In the field hospitals of World War I and World War II, medics carried a life-saving secret weapon: dried plasma. Mixed in large batches, packed into glass vials, and reconstituted on the battlefield, it was crude by today's standards, but it worked. Then, advances in manufacturing, rising sterility standards, and modern blood banking made liquid plasma the standard of care, and dried plasma largely fell out of use.
Now, nearly a century later, the concept is back, and Versiti is helping bring it into the 21st century.
In March 2026, Versiti became one of the first blood centers in the country to receive and begin installing next-generation spray-dried plasma equipment.
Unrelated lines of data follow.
(* Let $G$ be a ribbon graph. If the set $\{\varepsilon(G^A): A\subseteq E(G)\}$ contains two consecutive integers $k$ and $k+1$, then every integer $m$ with $k+2\le m\le \varepsilon_M(G)$ belongs to $\{\varepsilon(G^A): A\subseteq E(G)\}$.
   Context: A ribbon graph $G$ is a (possibly non-orientable) surface with boundary given as a union of a set $V(G)$ of vertex discs and a set $E(G)$ of edge discs such that vertices and edges meet in disjoint line segments, each such segment lies on the boundary of exactly one vertex and exactly one edge, and each edge contains exactly two such segments. With $v(G),e(G),f(G),c(G)$ the numbers of vertices, edges, boundary components and connected components, the Euler genus is $\varepsilon(G)=2c(G)-(v(G)-e(G)+f(G))$. For $A\subseteq E(G)$, the partial dual $G^A$ is obtained by gluing a disc along each boundary component of the spanning ribbon subgraph $(V(G),A)$ (these become the vertices of $G^A$), removing the interiors of all vertex discs of $G$, and keeping the edge discs unchanged. The maximum partial-dual Euler genus is $\varepsilon_M(G)=\max\{\varepsilon(G^A):A\subseteq E(G)\}$. *)

(* Ribbon graphs encoded combinatorially as graph-encoded maps
   (gems / flag systems). *)
From mathcomp Require Import all_boot all_order all_algebra.
Set Implicit Arguments. Unset Strict Implicit. Unset Printing Implicit Defensive.
Import Order.TTheory GRing.Theory Num.Theory.
Local Open Scope ring_scope.

Section RibbonGraphs.
Variable D : finType. (* the flags of the ribbon graph *)

Definition gen2 (f g : D -> D) : rel D := fun x y => (y == f x) || (y == g x).
Definition gen3 (f g h : D -> D) : rel D :=
  fun x y => [|| y == f x, y == g x | y == h x].

Definition norb (r : rel D) : nat := #|[set [set y | connect r x y] | x : D]|.

(* Axioms of a (possibly non-orientable, possibly disconnected) combinatorial map:
   a0 changes the vertex, a1 changes the edge, a2 changes the side.
   vertices = <a1,a2>-orbits, edges = <a0,a2>-orbits, boundary components
   (faces) = <a0,a1>-orbits, connected components = <a0,a1,a2>-orbits. *)
Definition is_ribbon_graph (a0 a1 a2 : D -> D) : Prop :=
  [/\ involutive a0, involutive a1 & involutive a2] /\
  [/\ (forall x, a0 x != x), (forall x, a1 x != x) & (forall x, a2 x != x)] /\
  (forall x, a0 (a2 x) = a2 (a0 x)) /\ (forall x, a0 x != a2 x).

(* A set of flags closed under a0 and a2 = a union of edges, i.e. a subset of E(G) *)
Definition edge_set (a0 a2 : D -> D) (A : {set D}) : bool :=
  [forall x, (x \in A) ==> ((a0 x \in A) && (a2 x \in A))].

(* Euler genus eps = 2c - (v - e + f); [iso] counts isolated (edgeless) vertices,
   each of which is a vertex, a boundary component and a connected component. *)
Definition euler_genus (a0 a1 a2 : D -> D) (iso : nat) : int :=
  2 * (norb (gen3 a0 a1 a2) + iso)%:Z
  - ((norb (gen2 a1 a2) + iso)%:Z - (norb (gen2 a0 a2))%:Z
     + (norb (gen2 a0 a1) + iso)%:Z).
The technology advancement is a fundamental rethinking of what a blood product can be: plasma that is dehydrated through a sterile, closed-system process, stored at room temperature in lightweight, portable plastic containers, and reconstituted in the field using sterile water. No refrigeration required, no cold chain to maintain.
The mid-20th-century process involved pooling large quantities of liquid plasma, drying the mixture in bulk, and packaging the result in fragile glass vials that were difficult to transport and vulnerable to contamination. Today's approach uses a modern, closed, sterile system designed for the realities of emergency medicine.
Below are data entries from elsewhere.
Lemma blk_opD (x y : seqv p d) : laurent x -> laurent y ->
  blk_op (fun n => x n + y n) = (fun n => blk_op x n + blk_op y n).
Proof.
move=> lx ly; apply: functional_extensionality => n.
pose N := Num.min (lbound x) (lbound y).
have x0 j : j < N -> x j = 0 by move=> ?; apply: lboundP => //; lia.
have y0 j : j < N -> y j = 0 by move=> ?; apply: lboundP => //; lia.
have xy0 j : j < N -> x j + y j = 0 by move=> ?; rewrite x0 ?y0 ?addr0.
have Jn_le : J n <= J n by [].
have K_lt : J n - `|J n - N|.+1%:Z < N by lia.
rewrite (blk_op_window xy0 Jn_le K_lt) (blk_op_window x0 Jn_le K_lt).
rewrite (blk_op_window y0 Jn_le K_lt) -big_split /=.
by apply: eq_bigr => k _; rewrite mulmxDl.
Qed.

Lemma blk_blk_op i j : blk blk_op i j = B i j.
Proof.
apply/matrixP => r s; rewrite !mxE.
pose U := Num.max (J i) j.
have e0 n : n < j -> mono j (delta_mx 0 s) n = 0 :> 'rV['F_p]_d.
  by move=> ?; rewrite /mono; case: eqP => // ?; lia.
rewrite (@blk_op_window _ _ i U `|U - j|.+1 e0); try lia.
rewrite (bigD1 (Ordinal (ltnSn `|U - j|))) //= big1 => [|k k_neq].
  rewrite (_ : U - _ = j); last by lia.
  by rewrite addr0 /mono eqxx -rowE !mxE.
rewrite /mono; case: eqP => [k_eq|]; last by rewrite mul0mx.
by case/eqP: k_neq; apply: val_inj => /=; lia.
Qed.

Section CornerBound.

Variables I0 J0 : int.
Hypothesis B_corner : forall i j, i < I0 -> J0 < j -> B i j = 0.

Lemma blk_op_laurent (x : seqv p d) :
  (forall j, exists I, forall i, i < I -> B i j = 0) ->
  laurent x -> laurent (blk_op x).
Proof.
move=> B_col lx; pose L := lbound x.
have [M BM] := eventually_below_range L `|J0 - L| B_col.
exists (Num.min M I0) => n n_lt; rewrite /blk_op big1 // => k _.
set j := J n - k%:Z.
have [jL|Lj] := ltP j L; first by rewrite lboundP // mul0mx.
have [J0j|jJ0] := ltP J0 j; first by rewrite B_corner ?trmx0 ?mulmx0 //; lia.
by rewrite BM ?trmx0 ?mulmx0 //; [apply/andP; split | ]; lia.
Qed.

(* Rows below I0 only meet columns up to J0 by (M3); the finitely many rows
   in [I0, M) have their own column bounds J. *)
Lemma blk_op_continuous (x : seqv p d) (M : int) : laurent x ->
  exists N, forall y, laurent y -> (forall n, n < N -> y n = x n) ->
    forall n, n < M -> blk_op y n = blk_op x n.
Proof.
move=> lx; have [Q JQ] := bounded_on_range J I0 `|M - I0|.
exists (Num.max J0 Q + 1) => y ly yx n n_lt.
apply: (@blk_op_eq _ _ _ (Num.max J0 Q)) => // [j j_gt|j j_le]; last first.
  by apply: yx; lia.
have [nI0|I0n] := ltP n I0; first by apply: B_corner; lia.
have JnQ : J n <= Q by apply: JQ; apply/andP; split; lia.
by apply: B_row_bound; lia.
Qed.

End CornerBound.

Lemma blk_op_cont_end : in_MdZ B -> is_cont_end blk_op.
Proof.
case=> _ B_col [I0 [J0 B_corner]]; split.
- by move=> x; exact: (blk_op_laurent B_corner).
- exact: blk_opD.
- by move=> x lx M; exact: (blk_op_continuous B_corner).
Qed.

End BlockOperator.

Lemma blk_surjective p d (B : int -> int -> 'M['F_p]_d) : in_MdZ B ->
  exists A : seqv p d -> seqv p d, is_cont_end A /\ forall i j, blk A i j = B i j.
Proof.
move=> MB; have [B_row _ _] := MB.
pose J i := proj1_sig (constructive_indefinite_description _ (B_row i)).
have B_row_bound i j : J i < j -> B i j = 0.
  by rewrite /J; case: constructive_indefinite_description => /= Ji; apply.
exists (blk_op B J); split; first exact: blk_op_cont_end.
exact: blk_blk_op.
Qed.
"We're doing this to advance the care of critically ill individuals," said Mike Janasik, Versiti's Director of Portfolio Strategy. "Spray-dried plasma is the realization of an innovation that's been decades in the making. What's old is new again, but the way we're producing it now is completely different."
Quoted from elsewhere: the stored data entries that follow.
(* Let $m \ge 1$ be an integer. Let $(h(n))_{n\ge 1}$ be the non-decreasing sequence of non-negative integers with $h(1)=0$ in which, for each integer $k\ge 0$, the value $k$ appears exactly $mk+1$ times. Let $(a(n))_{n\ge1}$ be the sequence of positive integers defined by $a(1)=1$ and the nested recurrence $$a(n+1) = n - a^{(m)}(n) + a^{(m+1)}(n) \qquad (n\ge 1).$$ Then $a(n) = n - h(n)$ for all $n \ge 1$, and this is the unique sequence satisfying the recurrence with $a(1)=1$.
   Context: For a function $f$ on the positive integers, the iterates are defined by $f^{(0)}(n)=n$ and $f^{(j+1)}(n)=f(f^{(j)}(n))$; thus $a^{(m)}(n)$ denotes $a$ applied $m$ times to $n$. Equivalently, $h(n)=k$ if and only if $T^{\star}_k \le n < T^{\star}_{k+1}$, where $T^{\star}_k = 1 + m\binom{k}{2} + k$ for $k\ge 0$. *)

From mathcomp Require Import all_boot all_order all_algebra.
Set Implicit Arguments. Unset Strict Implicit. Unset Printing Implicit Defensive.

Definition Tstar (m k : nat) : nat := 1 + m * 'C(k, 2) + k.

Definition nested_solution (m : nat) (a : nat -> nat) : Prop :=
  a 1 = 1 /\
  (forall n, 1 <= n -> 1 <= a n) /\
  (forall n, 1 <= n ->
     ((a n.+1)%:Z = n%:Z - (iter m a n)%:Z + (iter m.+1 a n)%:Z)%R).

From mathcomp Require Import all_boot all_order all_algebra.
From mathcomp Require Import zify.
Set Implicit Arguments. Unset Strict Implicit. Unset Printing Implicit Defensive.

(* Uniqueness holds for any solution of the recurrence: by induction every
   solution satisfies 1 <= a n <= n, so a (n+1) only depends on earlier values.
   For existence put g n = n - h n.  The k-th block [T*_k, T*_(k+1)) has length
   m k + 1 and g subtracts k on it, so g^m walks from a point of block k+1 down
   into block k.  This gives h (n+1) = h (g^m n) + 1, and since
   g^(m+1) n = g^m n - h (g^m n), that is exactly the recurrence for g. *)

Lemma iter_bounded (f : nat -> nat) n :
  (forall x, 1 <= x <= n -> 1 <= f x <= x) -> 1 <= n ->
  forall j, 1 <= iter j f n <= n.
Proof.
move=> f_bounded n_pos; elim=> [|j IHj] /=; first lia.
by have := f_bounded _ IHj; lia.
Qed.

Section NestedSolution.

Variables (m : nat) (a : nat -> nat).
Hypothesis a_sol : nested_solution m a.

Lemma nested_solution_le n : 1 <= n -> a n <= n.
Proof.
have [a1 [a_pos a_rec]] := a_sol.
elim/ltn_ind: n => -[|[|n]] IH // _; first by rewrite a1.
have a_bounded x : 1 <= x <= n.+1 -> 1 <= a x <= x.
  by move=> /andP[x_pos x_le]; rewrite a_pos ?IH.
have /andP[b_pos b_le] := iter_bounded a_bounded isT m.
have := a_rec n.+1 isT; rewrite iterS.
by have := IH _ (leq_ltn_trans b_le (ltnSn _)) b_pos; lia.
Qed.

Lemma iter_nested_solution_bounded n : 1 <= n -> forall j, 1 <= iter j a n <= n.
Proof.
have [_ [a_pos _]] := a_sol.
by apply: iter_bounded => x /andP[x_pos _]; rewrite a_pos ?nested_solution_le.
Qed.

End NestedSolution.

Lemma nested_solution_unique m a b :
  nested_solution m a -> nested_solution m b -> forall n, 1 <= n -> a n = b n.
Proof.
move=> a_sol b_sol; have [a1 [_ a_rec]] := a_sol; have [b1 [_ b_rec]] := b_sol.
elim/ltn_ind=> -[|[|n]] IH // _; first by rewrite a1 b1.
have iter_eq j : iter j a n.+1 = iter j b n.+1.
  elim: j => [|j IHj] //=.
  have := iter_nested_solution_bounded a_sol (isT : 0 < n.+1) j.
  by rewrite -IHj => bounds; rewrite IH //; lia.
suff: Posz (a n.+2) = Posz (b n.+2) by move=> /eqP; rewrite eqz_nat => /eqP.
by rewrite a_rec // b_rec // !iter_eq.
Qed.

Lemma TstarS m k : Tstar m k.+1 = Tstar m k + m * k + 1.
Proof. by rewrite /Tstar binS bin1; lia. Qed.

Lemma Tstar0 m : Tstar m 0 = 1.
Proof. by rewrite /Tstar bin0n muln0. Qed.

Lemma ltn_Tstar m k : k < Tstar m k.
Proof. by rewrite /Tstar; lia. Qed.

Section BlockSequence.

Variables (m : nat) (h : nat -> nat).
Hypothesis h_spec : forall n k, 1 <= n -> (h n = k <-> Tstar m k <= n < Tstar m k.+1).

Local Notation g := (fun n => n - h n).

Lemma h_eq k n : Tstar m k <= n < Tstar m k.+1 -> h n = k.
Proof.
move=> n_in; apply/h_spec => //.
by have := ltn_Tstar m k; lia.
Qed.

Lemma h_block n : 1 <= n -> Tstar m (h n) <= n < Tstar m (h n).+1.
Proof. by move=> n_pos; apply/h_spec. Qed.

Lemma h1 : h 1 = 0.
Proof. by apply: h_eq; rewrite TstarS Tstar0 muln0. Qed.

Lemma g_bounded n : 1 <= n -> 1 <= g n <= n.
Proof. by move=> n_pos; have := h_block n_pos; have := ltn_Tstar m (h n); lia. Qed.

Lemma iter_g_block j k x :
  Tstar m k <= x -> x + j * k < Tstar m k.+1 -> iter j g (x + j * k) = x.
Proof.
move=> x_ge; elim: j => [|j IHj] x_lt; first by rewrite addn0.
rewrite iterSr /= mulSn addnCA (h_eq (k := k)); last lia.
by rewrite addKn IHj //; lia.
Qed.

Lemma h_iter_g k n : Tstar m k.+1 <= n.+1 < Tstar m k.+2 -> h (iter m g n) = k.
Proof.
have Tk1 := TstarS m k; have Tk2 := TstarS m k.+1.
case: (ltnP n (Tstar m k.+1)) => [n_last n_in | n_ge n_in].
  have -> : n = Tstar m k + m * k by lia.
  rewrite iter_g_block //; last lia.
  by rewrite (h_eq (k := k)) //; lia.
pose r := n - Tstar m k.+1; pose q := r %/ k.+1; pose s := r %% k.+1.
have r_eq : r = q * k.+1 + s := divn_eq r k.+1.
have s_le : s <= k by rewrite -ltnS ltn_pmod.
have q_lt : q < m by rewrite ltn_divLR //; lia.
have [p m_eq] : exists p, m = p + q.+1 by exists (m - q.+1); rewrite subnK.
have mk : m * k = p * k + q * k + k by rewrite m_eq mulnDl mulSn; lia.
have mk1 : m * k.+1 = m * k + p + q + 1 by rewrite mulnS m_eq; lia.
have n_eq : n = Tstar m k.+1 + s + q * k.+1 by move: r_eq; rewrite /r; lia.
have iter_q : iter q g n = Tstar m k.+1 + s.
  by rewrite n_eq iter_g_block ?leq_addr //; lia.
(* the (q+1)-st step leaves block k+1, the remaining p steps stay in block k *)
have g_exit : g (Tstar m k.+1 + s) = Tstar m k + q * k + s + p * k.
  by rewrite /= (h_eq (k := k.+1)); lia.
have iter_p : iter p g (Tstar m k + q * k + s + p * k) = Tstar m k + q * k + s.
  by rewrite iter_g_block; lia.
rewrite m_eq iterD iterS iter_q g_exit iter_p.
by apply: h_eq; lia.
Qed.

Lemma h_succ n : 1 <= n -> h n.+1 = (h (iter m g n)).+1.
Proof.
move=> n_pos; have := h_block (isT : 0 < n.+1).
case: (h n.+1) => [|k] n_in; last by rewrite (h_iter_g n_in).
by move: n_in; rewrite TstarS Tstar0; lia.
Qed.

Lemma nested_solution_block : nested_solution m g.
Proof.
split; first by rewrite /= h1.
split=> [n /g_bounded | n n_pos]; first lia.
have g_bounded_n x : 1 <= x <= n -> 1 <= g x <= x.
  by case/andP=> x_pos _; apply: g_bounded.
have /andP[b_pos b_le] := iter_bounded g_bounded_n n_pos m.
have := g_bounded b_pos; have := g_bounded (isT : 0 < n.+1).
by rewrite iterS /= h_succ //; lia.
Qed.

End BlockSequence.

Theorem mainTheorem1 (m : nat) (hm : 1 <= m) (h : nat -> nat)
  (hh : forall n k, 1 <= n -> (h n = k <-> Tstar m k <= n < Tstar m k.+1)) :
  nested_solution m (fun n => n - h n) /\
  (forall a : nat -> nat, nested_solution m a ->
     forall n, 1 <= n -> a n = n - h n).
Proof.
have g_sol := nested_solution_block hh.
split=> // a a_sol n n_pos.
exact: nested_solution_unique a_sol g_sol n n_pos.
Qed.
The implications for emergency and pre-hospital care are significant. For EMS teams treating traumatic hemorrhage in the field, every minute matters, and conventional plasma is often unavailable or impractical outside of hospital settings. Spray-dried plasma puts a stable, effective plasma product within reach wherever care is being delivered.
"The clinical potential of this product for trauma patients is real and meaningful," said Jenna Wade, MD, Associate Medical Director, Transfusion Medicine at Versiti. "Being among the first blood centers to install this equipment and train our teams positions Versiti to contribute directly to the evidence base that will support FDA approval, and ultimately, to getting this product to the patients who need it."
Versiti team members are currently training to produce the product, with plans to support a Phase III clinical trial toward FDA approval in 2027.
For Versiti, early adoption of this technology is part of our nearly 80-year commitment to blood health innovation.